**Task item**
Transcribe exactly each line of the entries, from the opening line to the line with "(exists l : list", with both of those lines included.
(Beginning of Supplied material)
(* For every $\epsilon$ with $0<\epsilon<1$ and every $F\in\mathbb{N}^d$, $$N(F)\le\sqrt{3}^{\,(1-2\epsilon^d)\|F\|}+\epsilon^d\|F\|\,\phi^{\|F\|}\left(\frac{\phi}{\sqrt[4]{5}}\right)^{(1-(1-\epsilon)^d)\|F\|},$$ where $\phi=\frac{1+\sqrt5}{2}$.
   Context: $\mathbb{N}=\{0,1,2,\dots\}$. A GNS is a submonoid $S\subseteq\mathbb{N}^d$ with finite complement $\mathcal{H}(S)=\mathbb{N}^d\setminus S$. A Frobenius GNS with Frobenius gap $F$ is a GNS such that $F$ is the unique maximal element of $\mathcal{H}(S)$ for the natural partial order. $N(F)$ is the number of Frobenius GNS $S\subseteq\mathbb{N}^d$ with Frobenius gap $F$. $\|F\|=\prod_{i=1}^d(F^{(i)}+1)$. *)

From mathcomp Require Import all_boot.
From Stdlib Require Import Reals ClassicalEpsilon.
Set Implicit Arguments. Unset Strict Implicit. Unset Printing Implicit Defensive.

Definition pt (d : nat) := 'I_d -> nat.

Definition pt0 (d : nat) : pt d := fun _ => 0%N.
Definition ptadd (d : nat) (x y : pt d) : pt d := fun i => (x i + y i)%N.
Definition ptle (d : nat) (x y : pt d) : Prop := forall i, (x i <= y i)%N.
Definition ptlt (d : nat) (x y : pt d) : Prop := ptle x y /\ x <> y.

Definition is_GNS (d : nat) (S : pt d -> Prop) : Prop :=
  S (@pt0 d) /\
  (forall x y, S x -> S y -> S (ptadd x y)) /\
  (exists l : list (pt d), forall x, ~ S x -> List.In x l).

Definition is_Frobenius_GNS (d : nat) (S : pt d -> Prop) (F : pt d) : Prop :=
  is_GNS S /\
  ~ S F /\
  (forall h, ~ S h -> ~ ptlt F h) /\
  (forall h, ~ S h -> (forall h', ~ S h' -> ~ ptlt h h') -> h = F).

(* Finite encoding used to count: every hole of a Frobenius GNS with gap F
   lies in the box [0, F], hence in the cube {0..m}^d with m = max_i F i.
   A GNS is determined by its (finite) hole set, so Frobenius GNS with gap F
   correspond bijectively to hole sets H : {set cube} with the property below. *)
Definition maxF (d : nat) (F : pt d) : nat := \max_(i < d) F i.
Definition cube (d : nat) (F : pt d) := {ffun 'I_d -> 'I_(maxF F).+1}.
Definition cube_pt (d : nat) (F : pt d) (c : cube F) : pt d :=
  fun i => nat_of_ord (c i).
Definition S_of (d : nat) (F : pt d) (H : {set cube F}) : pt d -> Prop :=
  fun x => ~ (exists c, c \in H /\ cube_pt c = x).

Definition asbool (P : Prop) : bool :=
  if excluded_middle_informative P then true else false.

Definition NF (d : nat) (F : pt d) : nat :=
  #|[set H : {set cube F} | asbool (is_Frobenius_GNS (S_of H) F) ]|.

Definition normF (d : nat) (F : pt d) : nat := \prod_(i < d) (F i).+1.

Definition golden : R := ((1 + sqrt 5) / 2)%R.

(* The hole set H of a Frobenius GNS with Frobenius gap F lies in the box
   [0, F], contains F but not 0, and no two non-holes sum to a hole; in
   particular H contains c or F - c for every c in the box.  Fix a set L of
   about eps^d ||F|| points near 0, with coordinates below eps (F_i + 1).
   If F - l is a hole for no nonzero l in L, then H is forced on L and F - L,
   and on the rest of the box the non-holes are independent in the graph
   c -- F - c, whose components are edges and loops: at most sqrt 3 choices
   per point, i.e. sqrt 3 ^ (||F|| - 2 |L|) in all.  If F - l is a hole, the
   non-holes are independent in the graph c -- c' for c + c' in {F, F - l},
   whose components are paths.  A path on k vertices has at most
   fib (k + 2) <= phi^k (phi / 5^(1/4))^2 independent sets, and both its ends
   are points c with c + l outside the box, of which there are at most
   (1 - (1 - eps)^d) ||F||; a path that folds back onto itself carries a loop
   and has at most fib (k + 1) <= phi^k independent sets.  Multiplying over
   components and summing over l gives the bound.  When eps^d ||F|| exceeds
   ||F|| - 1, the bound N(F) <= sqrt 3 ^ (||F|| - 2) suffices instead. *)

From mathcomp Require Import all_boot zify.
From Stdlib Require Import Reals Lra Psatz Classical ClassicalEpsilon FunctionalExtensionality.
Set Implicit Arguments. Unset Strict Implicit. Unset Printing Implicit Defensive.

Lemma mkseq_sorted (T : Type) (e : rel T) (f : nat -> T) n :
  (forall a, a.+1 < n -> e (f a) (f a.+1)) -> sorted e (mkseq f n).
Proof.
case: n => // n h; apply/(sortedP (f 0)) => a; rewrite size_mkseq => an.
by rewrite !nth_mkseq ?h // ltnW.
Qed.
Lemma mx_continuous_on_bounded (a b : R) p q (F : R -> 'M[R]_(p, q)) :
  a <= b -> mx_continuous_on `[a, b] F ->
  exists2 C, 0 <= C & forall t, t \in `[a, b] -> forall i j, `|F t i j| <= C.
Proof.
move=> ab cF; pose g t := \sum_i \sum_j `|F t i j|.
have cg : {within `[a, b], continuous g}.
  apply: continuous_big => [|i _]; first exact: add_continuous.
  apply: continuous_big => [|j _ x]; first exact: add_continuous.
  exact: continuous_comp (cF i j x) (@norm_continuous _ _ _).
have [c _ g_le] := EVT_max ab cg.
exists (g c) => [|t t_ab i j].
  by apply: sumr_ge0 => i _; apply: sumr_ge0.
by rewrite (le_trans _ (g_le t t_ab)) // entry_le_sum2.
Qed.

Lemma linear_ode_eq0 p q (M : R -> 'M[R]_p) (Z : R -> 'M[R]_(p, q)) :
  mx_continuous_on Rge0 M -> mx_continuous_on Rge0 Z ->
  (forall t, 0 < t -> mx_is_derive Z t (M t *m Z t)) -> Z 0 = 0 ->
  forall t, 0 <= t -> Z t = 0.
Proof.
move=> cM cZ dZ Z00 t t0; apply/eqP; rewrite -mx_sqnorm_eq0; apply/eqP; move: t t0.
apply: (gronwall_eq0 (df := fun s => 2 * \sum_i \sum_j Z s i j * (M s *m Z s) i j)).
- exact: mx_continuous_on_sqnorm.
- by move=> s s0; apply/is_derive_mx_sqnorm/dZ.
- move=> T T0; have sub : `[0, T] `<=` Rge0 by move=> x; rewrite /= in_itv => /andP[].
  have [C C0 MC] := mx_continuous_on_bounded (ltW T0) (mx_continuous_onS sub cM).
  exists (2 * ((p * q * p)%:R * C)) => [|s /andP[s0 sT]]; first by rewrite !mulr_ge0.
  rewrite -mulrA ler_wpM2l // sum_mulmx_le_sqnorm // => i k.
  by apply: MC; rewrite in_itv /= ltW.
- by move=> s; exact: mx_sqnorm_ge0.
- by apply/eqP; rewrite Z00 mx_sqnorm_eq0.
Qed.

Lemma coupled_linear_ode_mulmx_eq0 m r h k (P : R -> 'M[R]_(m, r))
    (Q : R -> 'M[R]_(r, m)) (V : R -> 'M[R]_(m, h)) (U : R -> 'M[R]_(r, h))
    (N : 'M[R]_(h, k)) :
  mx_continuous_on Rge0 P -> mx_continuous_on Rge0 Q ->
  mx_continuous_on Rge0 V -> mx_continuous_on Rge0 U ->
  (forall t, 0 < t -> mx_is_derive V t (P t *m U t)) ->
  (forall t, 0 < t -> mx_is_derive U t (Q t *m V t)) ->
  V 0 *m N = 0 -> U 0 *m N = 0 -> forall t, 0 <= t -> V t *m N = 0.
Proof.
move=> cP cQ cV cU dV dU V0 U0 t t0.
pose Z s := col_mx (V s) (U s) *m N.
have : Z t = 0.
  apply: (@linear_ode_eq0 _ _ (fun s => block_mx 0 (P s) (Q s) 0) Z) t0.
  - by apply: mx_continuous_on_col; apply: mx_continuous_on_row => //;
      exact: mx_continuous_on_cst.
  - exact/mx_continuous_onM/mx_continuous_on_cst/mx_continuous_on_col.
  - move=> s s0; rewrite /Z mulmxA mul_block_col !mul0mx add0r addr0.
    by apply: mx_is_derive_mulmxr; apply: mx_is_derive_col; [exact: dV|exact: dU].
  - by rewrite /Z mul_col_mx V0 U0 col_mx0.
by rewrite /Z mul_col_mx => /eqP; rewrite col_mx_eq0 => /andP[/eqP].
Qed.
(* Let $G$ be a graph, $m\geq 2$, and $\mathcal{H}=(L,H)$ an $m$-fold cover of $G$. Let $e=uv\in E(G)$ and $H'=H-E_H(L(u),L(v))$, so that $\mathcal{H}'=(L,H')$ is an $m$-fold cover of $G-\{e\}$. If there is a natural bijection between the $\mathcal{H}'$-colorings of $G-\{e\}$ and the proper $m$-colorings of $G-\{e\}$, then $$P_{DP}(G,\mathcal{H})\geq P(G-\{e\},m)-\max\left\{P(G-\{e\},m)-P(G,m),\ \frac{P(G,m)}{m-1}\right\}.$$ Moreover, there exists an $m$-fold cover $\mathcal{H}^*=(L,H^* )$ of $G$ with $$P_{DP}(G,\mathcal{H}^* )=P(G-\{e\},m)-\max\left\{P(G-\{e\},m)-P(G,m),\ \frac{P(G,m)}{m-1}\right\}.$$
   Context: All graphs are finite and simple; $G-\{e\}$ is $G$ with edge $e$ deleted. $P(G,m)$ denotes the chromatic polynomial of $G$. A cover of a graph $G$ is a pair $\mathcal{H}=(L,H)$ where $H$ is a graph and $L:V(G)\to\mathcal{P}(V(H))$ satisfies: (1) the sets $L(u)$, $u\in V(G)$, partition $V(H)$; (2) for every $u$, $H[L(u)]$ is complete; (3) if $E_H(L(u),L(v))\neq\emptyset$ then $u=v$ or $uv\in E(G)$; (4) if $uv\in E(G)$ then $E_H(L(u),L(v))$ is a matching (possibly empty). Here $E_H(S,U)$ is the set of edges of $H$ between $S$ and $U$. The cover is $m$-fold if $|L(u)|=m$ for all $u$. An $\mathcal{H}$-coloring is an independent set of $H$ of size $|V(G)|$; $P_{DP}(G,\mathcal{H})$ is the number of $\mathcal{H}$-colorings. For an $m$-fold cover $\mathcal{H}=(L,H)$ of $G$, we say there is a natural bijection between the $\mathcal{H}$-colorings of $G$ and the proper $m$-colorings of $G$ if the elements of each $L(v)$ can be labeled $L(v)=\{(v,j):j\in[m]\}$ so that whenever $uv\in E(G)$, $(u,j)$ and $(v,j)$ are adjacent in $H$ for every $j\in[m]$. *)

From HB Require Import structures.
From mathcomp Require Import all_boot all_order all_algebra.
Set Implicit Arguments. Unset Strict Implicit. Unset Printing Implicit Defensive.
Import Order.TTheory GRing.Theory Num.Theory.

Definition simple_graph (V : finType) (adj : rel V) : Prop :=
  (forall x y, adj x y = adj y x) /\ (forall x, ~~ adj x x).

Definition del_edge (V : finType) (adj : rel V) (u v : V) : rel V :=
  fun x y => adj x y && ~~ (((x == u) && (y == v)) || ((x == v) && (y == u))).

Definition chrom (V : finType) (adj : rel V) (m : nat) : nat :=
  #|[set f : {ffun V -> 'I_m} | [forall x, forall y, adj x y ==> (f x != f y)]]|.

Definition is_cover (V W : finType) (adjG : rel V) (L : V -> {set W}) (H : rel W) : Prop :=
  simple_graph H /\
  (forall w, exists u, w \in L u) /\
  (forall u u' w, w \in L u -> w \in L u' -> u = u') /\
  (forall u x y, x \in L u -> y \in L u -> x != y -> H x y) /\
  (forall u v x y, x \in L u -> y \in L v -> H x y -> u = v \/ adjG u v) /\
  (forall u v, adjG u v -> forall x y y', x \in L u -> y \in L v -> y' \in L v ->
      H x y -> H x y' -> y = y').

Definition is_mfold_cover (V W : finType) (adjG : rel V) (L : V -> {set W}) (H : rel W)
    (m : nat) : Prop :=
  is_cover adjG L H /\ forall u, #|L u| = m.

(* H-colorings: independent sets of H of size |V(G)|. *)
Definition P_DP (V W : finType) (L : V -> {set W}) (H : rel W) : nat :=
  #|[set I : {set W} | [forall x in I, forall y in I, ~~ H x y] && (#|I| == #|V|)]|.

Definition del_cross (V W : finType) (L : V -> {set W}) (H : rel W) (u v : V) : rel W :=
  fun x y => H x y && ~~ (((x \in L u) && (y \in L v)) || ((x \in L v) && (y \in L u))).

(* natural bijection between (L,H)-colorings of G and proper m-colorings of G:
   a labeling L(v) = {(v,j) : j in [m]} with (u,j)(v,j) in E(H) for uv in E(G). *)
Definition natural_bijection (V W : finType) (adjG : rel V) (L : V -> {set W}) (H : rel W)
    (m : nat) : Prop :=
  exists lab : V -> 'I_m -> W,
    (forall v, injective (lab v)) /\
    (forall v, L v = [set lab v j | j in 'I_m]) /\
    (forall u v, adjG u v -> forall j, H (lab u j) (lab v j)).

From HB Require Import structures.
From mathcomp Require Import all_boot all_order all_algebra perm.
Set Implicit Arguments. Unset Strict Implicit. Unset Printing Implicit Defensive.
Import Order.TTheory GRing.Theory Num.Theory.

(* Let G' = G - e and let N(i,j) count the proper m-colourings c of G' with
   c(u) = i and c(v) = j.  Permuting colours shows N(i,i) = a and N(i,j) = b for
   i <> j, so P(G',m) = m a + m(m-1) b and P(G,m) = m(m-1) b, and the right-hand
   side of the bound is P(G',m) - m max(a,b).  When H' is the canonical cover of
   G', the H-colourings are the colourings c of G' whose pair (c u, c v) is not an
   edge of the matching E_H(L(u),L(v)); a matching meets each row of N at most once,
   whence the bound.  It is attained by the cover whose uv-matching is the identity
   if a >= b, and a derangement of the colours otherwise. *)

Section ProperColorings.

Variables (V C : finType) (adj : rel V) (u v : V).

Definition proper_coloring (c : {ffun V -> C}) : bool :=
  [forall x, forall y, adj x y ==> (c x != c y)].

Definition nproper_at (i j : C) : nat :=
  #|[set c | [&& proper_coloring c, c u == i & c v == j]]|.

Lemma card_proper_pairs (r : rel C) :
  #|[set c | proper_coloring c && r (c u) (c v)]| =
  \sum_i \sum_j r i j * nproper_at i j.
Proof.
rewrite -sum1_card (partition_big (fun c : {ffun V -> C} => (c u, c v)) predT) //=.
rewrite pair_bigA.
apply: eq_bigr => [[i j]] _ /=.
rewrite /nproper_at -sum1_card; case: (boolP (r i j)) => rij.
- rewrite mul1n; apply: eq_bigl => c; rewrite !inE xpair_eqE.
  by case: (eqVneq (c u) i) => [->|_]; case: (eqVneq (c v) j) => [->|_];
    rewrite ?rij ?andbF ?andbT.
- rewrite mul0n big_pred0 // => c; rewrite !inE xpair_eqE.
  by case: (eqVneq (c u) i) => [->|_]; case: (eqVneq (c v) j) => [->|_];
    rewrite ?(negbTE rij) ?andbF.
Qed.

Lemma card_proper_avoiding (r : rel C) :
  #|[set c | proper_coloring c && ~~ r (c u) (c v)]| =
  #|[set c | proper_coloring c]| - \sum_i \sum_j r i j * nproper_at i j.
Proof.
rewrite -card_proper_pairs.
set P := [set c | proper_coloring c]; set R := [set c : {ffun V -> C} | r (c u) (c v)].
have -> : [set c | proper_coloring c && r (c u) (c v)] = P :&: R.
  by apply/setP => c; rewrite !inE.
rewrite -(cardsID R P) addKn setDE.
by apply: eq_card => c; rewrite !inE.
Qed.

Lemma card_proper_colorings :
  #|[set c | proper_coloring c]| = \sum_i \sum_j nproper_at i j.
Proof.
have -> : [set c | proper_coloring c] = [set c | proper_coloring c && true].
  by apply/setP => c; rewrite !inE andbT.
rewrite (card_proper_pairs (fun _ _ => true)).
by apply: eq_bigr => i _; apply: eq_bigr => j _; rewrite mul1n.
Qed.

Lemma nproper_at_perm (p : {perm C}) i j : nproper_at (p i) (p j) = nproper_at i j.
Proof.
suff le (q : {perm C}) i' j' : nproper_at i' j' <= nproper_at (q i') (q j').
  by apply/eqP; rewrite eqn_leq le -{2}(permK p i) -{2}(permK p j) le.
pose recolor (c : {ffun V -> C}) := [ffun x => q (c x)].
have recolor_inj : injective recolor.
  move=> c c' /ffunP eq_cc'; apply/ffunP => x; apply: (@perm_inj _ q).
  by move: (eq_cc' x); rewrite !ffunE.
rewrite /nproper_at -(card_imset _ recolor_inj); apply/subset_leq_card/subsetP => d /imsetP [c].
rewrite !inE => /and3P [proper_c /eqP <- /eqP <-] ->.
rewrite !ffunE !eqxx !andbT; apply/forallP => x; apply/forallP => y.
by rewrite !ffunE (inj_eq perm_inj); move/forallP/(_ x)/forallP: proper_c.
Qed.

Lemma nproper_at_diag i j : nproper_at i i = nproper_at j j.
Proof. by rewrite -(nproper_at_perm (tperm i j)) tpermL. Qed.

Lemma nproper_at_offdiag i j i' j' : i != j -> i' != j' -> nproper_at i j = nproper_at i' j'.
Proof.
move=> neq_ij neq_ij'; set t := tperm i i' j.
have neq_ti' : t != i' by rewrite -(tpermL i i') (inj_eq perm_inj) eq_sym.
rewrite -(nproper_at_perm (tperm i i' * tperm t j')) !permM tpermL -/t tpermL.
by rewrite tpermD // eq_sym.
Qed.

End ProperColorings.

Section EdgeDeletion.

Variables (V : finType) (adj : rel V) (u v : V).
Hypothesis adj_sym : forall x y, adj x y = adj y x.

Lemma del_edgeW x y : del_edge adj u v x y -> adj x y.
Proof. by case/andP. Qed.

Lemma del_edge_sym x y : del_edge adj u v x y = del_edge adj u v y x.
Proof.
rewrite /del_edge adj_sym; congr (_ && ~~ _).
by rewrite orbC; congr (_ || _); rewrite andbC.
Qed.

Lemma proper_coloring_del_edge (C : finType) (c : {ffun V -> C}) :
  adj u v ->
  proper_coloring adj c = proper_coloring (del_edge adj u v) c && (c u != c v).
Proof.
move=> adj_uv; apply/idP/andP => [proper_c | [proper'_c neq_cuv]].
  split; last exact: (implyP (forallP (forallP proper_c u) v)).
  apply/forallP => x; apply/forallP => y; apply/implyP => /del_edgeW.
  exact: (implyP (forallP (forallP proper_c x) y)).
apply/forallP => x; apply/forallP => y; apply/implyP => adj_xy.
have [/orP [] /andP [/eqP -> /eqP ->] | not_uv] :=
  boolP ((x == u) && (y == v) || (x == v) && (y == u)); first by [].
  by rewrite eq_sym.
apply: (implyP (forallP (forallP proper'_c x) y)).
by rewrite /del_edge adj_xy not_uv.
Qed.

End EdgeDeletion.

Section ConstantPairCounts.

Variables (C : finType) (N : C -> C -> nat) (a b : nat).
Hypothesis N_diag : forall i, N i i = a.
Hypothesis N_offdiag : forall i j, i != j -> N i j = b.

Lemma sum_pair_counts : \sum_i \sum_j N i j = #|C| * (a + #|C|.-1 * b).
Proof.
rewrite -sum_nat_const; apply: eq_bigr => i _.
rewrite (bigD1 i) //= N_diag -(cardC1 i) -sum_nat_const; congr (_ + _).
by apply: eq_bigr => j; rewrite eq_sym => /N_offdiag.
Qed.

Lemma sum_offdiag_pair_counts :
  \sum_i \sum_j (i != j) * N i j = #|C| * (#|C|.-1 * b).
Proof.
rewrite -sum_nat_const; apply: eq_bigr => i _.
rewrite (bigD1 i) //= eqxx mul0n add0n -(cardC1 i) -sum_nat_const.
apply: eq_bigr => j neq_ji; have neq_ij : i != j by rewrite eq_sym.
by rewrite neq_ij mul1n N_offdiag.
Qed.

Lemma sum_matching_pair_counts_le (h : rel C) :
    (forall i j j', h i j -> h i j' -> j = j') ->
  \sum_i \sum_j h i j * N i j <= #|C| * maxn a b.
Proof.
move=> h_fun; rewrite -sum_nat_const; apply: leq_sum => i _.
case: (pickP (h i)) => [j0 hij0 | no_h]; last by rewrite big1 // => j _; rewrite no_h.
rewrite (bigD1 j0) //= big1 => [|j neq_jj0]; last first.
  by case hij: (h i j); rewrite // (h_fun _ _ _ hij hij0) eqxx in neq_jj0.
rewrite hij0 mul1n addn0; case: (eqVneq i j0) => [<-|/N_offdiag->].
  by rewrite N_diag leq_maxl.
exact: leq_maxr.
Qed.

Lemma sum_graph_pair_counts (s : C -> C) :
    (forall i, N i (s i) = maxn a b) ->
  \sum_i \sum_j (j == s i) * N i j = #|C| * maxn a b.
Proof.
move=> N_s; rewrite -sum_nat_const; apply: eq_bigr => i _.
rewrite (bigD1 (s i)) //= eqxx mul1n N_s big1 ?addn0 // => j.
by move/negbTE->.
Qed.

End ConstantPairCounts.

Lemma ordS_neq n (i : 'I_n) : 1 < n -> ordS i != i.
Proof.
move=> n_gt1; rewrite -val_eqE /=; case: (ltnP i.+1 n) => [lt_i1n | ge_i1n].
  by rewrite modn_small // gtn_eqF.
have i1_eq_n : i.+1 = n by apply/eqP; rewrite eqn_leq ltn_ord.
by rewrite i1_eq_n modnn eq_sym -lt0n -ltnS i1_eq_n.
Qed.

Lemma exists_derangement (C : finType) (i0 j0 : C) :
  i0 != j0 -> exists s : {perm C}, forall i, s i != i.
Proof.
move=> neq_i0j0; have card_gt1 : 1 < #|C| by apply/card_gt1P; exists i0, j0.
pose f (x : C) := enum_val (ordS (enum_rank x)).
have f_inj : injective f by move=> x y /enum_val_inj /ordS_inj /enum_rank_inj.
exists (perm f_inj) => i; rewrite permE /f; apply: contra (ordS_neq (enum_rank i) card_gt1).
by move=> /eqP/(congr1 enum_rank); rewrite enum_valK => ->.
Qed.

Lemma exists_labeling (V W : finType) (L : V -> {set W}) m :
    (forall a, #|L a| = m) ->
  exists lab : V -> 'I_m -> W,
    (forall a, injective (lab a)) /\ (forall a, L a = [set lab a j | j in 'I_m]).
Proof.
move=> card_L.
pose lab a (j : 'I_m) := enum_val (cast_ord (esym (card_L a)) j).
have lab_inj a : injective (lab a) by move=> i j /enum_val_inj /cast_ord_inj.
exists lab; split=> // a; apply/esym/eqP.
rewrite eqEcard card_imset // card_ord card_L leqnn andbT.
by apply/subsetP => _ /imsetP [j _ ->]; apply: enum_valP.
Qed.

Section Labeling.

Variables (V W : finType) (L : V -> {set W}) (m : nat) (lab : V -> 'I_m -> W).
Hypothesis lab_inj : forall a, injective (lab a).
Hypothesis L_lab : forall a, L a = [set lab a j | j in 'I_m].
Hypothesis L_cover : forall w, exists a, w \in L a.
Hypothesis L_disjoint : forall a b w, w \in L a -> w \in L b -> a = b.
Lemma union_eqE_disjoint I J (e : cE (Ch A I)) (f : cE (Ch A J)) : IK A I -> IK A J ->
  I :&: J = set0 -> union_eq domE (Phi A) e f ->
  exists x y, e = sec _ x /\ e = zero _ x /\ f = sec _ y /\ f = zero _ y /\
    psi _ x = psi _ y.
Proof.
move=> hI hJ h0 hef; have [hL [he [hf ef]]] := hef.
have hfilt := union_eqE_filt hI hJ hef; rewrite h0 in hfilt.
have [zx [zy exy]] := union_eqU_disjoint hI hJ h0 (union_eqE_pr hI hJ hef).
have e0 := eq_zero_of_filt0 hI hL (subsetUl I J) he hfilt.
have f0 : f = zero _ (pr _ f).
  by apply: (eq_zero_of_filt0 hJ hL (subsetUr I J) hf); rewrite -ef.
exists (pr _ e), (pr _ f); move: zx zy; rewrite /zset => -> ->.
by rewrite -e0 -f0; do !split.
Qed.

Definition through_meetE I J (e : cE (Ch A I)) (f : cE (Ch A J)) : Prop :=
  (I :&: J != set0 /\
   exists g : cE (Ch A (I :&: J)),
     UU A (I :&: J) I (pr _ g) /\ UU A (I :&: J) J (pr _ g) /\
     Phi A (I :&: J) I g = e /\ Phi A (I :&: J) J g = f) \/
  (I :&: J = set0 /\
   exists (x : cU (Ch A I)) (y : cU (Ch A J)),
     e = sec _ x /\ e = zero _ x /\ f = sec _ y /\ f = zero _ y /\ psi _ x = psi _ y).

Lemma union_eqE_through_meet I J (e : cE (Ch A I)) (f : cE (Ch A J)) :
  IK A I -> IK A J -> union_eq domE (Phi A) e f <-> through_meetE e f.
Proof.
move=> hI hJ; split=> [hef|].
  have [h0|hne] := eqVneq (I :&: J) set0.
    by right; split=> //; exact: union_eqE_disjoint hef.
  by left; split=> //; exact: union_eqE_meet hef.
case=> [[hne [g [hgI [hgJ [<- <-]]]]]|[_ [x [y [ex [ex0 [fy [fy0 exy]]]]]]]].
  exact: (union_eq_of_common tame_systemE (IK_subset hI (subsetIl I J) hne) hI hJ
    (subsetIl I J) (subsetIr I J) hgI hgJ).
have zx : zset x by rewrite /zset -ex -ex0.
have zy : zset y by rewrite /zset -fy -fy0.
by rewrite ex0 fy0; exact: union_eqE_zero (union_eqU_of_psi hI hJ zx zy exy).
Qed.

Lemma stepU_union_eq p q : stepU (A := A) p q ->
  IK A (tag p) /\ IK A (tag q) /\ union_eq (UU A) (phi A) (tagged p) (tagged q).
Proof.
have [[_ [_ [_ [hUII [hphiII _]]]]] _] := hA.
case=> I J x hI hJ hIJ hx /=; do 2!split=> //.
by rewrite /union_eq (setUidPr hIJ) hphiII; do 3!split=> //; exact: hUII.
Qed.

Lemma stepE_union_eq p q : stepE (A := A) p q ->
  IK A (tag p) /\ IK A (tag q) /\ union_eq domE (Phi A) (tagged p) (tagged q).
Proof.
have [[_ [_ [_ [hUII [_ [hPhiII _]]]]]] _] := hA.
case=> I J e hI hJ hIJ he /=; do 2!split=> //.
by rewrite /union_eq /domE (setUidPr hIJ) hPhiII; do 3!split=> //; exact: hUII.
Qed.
(End of Supplied material)
**Written response**
(* For every $\epsilon$ with $0<\epsilon<1$ and every $F\in\mathbb{N}^d$, $$N(F)\le\sqrt{3}^{\,(1-2\epsilon^d)\|F\|}+\epsilon^d\|F\|\,\phi^{\|F\|}\left(\frac{\phi}{\sqrt[4]{5}}\right)^{(1-(1-\epsilon)^d)\|F\|},$$ where $\phi=\frac{1+\sqrt5}{2}$.
   Context: $\mathbb{N}=\{0,1,2,\dots\}$. A GNS is a submonoid $S\subseteq\mathbb{N}^d$ with finite complement $\mathcal{H}(S)=\mathbb{N}^d\setminus S$. A Frobenius GNS with Frobenius gap $F$ is a GNS such that $F$ is the unique maximal element of $\mathcal{H}(S)$ for the natural partial order. $N(F)$ is the number of Frobenius GNS $S\subseteq\mathbb{N}^d$ with Frobenius gap $F$. $\|F\|=\prod_{i=1}^d(F^{(i)}+1)$. *)

From mathcomp Require Import all_boot.
From Stdlib Require Import Reals ClassicalEpsilon.
Set Implicit Arguments. Unset Strict Implicit. Unset Printing Implicit Defensive.

Definition pt (d : nat) := 'I_d -> nat.

Definition pt0 (d : nat) : pt d := fun _ => 0%N.
Definition ptadd (d : nat) (x y : pt d) : pt d := fun i => (x i + y i)%N.
Definition ptle (d : nat) (x y : pt d) : Prop := forall i, (x i <= y i)%N.
Definition ptlt (d : nat) (x y : pt d) : Prop := ptle x y /\ x <> y.

Definition is_GNS (d : nat) (S : pt d -> Prop) : Prop :=
  S (@pt0 d) /\
  (forall x y, S x -> S y -> S (ptadd x y)) /\
  (exists l : list (pt d), forall x, ~ S x -> List.In x l).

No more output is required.